• [EXERCISE]: Below are lines of data; restate word for word those running from the line containing "Proof. by rewrite /vp_ge mul0r;" to the line containing "Lemma vp_ge_sum (I", inclusive, and no others.

• [DATA PROVIDED]:
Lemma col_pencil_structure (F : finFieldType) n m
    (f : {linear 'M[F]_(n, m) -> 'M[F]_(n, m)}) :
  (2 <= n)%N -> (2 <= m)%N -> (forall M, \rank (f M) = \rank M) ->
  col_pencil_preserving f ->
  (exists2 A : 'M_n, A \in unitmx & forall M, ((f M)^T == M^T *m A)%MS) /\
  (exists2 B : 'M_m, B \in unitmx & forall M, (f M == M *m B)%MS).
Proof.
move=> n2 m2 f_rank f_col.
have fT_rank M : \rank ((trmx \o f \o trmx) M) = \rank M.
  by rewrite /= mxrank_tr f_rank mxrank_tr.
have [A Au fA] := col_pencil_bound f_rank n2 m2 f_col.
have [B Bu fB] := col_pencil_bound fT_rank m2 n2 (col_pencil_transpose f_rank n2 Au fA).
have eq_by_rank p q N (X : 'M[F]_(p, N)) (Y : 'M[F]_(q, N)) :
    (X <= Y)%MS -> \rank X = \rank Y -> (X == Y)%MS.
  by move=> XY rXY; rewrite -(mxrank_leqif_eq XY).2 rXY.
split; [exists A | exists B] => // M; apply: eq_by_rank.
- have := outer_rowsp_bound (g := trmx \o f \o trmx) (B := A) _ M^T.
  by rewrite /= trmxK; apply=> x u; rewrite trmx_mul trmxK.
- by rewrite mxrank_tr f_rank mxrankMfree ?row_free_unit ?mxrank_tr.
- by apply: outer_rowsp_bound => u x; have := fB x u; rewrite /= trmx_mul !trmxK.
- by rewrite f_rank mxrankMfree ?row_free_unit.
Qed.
==
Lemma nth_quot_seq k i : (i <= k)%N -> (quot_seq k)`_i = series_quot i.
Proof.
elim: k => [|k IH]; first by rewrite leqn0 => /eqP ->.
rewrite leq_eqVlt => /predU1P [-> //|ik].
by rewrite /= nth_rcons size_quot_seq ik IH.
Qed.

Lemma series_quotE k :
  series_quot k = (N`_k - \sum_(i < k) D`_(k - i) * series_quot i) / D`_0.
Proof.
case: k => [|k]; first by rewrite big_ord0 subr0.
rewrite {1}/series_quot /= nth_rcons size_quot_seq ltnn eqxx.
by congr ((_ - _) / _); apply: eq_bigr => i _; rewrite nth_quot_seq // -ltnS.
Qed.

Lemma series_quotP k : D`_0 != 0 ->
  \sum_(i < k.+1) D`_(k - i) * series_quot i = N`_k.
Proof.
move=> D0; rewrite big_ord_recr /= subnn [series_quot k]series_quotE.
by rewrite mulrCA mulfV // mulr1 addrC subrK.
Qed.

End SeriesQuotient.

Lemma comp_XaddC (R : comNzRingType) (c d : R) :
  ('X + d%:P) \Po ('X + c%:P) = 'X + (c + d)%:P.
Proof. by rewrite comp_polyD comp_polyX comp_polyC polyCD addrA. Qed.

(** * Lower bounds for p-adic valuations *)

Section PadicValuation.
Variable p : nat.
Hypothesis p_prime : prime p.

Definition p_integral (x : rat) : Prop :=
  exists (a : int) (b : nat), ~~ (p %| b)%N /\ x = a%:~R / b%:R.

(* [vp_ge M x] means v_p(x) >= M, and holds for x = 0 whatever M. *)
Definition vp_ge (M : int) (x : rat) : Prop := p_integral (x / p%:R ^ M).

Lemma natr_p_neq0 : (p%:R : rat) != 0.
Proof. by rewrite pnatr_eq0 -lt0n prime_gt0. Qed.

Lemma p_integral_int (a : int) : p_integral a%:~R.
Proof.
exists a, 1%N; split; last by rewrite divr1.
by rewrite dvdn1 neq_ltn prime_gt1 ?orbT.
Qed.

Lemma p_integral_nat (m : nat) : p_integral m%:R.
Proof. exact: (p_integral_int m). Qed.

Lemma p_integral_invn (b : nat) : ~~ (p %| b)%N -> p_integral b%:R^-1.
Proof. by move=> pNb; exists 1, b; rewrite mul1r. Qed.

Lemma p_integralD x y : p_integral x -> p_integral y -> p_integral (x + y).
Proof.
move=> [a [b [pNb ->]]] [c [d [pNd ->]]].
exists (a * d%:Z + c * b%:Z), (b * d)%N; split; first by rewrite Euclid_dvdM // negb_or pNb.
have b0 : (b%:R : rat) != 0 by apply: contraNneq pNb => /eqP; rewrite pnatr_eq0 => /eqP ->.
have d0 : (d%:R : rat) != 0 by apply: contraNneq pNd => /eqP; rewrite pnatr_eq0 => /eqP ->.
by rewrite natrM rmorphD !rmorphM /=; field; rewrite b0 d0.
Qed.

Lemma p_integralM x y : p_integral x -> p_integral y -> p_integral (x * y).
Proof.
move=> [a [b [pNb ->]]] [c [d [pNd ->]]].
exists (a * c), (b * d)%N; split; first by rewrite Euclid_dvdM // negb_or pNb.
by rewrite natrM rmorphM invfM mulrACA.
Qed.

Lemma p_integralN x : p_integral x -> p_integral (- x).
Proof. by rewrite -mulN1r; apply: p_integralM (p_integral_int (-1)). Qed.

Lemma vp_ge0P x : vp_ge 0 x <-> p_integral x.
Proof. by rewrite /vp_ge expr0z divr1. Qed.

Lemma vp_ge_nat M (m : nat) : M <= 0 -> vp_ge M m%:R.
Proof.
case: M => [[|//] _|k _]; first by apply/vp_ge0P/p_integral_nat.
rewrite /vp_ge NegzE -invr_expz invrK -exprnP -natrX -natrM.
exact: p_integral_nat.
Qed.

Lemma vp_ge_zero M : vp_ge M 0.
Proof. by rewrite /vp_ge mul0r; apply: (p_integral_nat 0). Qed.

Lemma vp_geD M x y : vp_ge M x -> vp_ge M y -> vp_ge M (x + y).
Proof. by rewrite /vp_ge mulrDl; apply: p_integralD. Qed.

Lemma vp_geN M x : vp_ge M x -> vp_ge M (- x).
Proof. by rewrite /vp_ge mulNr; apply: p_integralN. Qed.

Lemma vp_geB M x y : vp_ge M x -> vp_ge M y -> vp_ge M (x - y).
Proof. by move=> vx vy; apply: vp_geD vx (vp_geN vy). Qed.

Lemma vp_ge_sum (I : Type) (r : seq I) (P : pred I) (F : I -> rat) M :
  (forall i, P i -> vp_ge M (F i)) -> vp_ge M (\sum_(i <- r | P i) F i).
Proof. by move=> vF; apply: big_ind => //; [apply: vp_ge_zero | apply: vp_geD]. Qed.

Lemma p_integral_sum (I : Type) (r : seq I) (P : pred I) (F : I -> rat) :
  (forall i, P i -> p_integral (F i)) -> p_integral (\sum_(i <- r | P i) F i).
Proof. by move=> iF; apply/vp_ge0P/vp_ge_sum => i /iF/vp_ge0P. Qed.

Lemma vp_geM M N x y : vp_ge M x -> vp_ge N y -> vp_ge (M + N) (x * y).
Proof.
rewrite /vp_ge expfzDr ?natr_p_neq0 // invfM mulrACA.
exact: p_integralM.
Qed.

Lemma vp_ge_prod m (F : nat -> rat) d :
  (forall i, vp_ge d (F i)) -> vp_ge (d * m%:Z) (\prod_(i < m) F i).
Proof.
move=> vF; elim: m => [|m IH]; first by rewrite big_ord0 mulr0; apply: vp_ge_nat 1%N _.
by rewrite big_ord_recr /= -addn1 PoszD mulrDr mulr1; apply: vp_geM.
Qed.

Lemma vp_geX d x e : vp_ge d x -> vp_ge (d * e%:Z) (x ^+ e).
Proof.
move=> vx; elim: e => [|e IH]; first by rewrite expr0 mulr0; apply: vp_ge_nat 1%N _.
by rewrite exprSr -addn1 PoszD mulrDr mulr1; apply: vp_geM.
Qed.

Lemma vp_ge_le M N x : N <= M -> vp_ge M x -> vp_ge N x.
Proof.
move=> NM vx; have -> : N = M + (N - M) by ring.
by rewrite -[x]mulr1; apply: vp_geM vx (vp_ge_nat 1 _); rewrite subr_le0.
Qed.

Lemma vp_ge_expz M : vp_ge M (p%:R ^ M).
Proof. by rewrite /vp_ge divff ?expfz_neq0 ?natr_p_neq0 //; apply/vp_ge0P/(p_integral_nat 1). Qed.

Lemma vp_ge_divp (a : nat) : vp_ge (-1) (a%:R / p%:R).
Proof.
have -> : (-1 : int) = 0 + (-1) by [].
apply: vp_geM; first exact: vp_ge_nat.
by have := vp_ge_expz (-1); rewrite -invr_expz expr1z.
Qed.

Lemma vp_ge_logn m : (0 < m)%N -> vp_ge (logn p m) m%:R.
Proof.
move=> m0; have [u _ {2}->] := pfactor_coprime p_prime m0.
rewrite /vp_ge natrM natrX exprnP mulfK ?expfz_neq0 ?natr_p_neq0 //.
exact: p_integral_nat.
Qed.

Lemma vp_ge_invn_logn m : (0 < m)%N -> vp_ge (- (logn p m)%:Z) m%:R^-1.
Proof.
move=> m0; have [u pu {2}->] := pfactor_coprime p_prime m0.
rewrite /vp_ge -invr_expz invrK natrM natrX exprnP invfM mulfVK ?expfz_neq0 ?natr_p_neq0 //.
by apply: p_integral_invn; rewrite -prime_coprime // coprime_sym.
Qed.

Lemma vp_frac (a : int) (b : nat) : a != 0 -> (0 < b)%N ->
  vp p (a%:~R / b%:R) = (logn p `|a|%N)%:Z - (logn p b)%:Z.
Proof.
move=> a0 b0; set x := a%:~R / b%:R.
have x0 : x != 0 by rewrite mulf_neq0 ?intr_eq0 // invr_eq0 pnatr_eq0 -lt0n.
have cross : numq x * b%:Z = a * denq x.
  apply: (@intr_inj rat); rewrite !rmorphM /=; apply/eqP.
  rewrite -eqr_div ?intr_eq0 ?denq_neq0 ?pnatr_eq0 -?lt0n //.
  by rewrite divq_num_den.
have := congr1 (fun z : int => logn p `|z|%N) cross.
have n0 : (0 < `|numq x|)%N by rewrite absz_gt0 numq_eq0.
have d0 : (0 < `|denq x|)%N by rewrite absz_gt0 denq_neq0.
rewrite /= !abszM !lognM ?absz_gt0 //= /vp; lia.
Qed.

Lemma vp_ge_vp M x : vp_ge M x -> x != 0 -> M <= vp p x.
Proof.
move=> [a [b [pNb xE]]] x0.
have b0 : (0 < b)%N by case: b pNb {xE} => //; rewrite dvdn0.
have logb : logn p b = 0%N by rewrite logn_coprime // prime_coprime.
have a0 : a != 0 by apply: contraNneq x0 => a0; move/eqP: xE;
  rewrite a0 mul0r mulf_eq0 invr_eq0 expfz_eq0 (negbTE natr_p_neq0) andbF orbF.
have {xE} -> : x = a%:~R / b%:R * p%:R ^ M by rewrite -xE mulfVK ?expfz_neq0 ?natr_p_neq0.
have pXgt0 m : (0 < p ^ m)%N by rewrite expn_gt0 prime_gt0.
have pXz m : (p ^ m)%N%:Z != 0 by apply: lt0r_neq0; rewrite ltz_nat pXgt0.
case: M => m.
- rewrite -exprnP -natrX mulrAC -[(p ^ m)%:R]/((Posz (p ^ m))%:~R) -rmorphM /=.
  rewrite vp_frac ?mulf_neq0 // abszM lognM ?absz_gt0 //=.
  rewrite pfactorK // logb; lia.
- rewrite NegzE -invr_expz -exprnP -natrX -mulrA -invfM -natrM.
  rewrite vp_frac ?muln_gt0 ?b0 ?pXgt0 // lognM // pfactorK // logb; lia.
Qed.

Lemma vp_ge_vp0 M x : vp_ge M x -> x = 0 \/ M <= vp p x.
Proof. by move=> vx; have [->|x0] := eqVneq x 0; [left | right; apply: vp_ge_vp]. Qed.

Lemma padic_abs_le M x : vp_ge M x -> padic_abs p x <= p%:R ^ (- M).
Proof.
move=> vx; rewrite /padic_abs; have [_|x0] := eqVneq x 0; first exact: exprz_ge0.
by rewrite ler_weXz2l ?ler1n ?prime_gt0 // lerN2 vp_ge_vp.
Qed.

• [TASK RESULT]:
Proof. by rewrite /vp_ge mul0r; apply: (p_integral_nat 0). Qed.

Lemma vp_geD M x y : vp_ge M x -> vp_ge M y -> vp_ge M (x + y).
Proof. by rewrite /vp_ge mulrDl; apply: p_integralD. Qed.

Lemma vp_geN M x : vp_ge M x -> vp_ge M (- x).
Proof. by rewrite /vp_ge mulNr; apply: p_integralN. Qed.

Lemma vp_geB M x y : vp_ge M x -> vp_ge M y -> vp_ge M (x - y).
Proof. by move=> vx vy; apply: vp_geD vx (vp_geN vy). Qed.

Lemma vp_ge_sum (I : Type) (r : seq I) (P : pred I) (F : I -> rat) M :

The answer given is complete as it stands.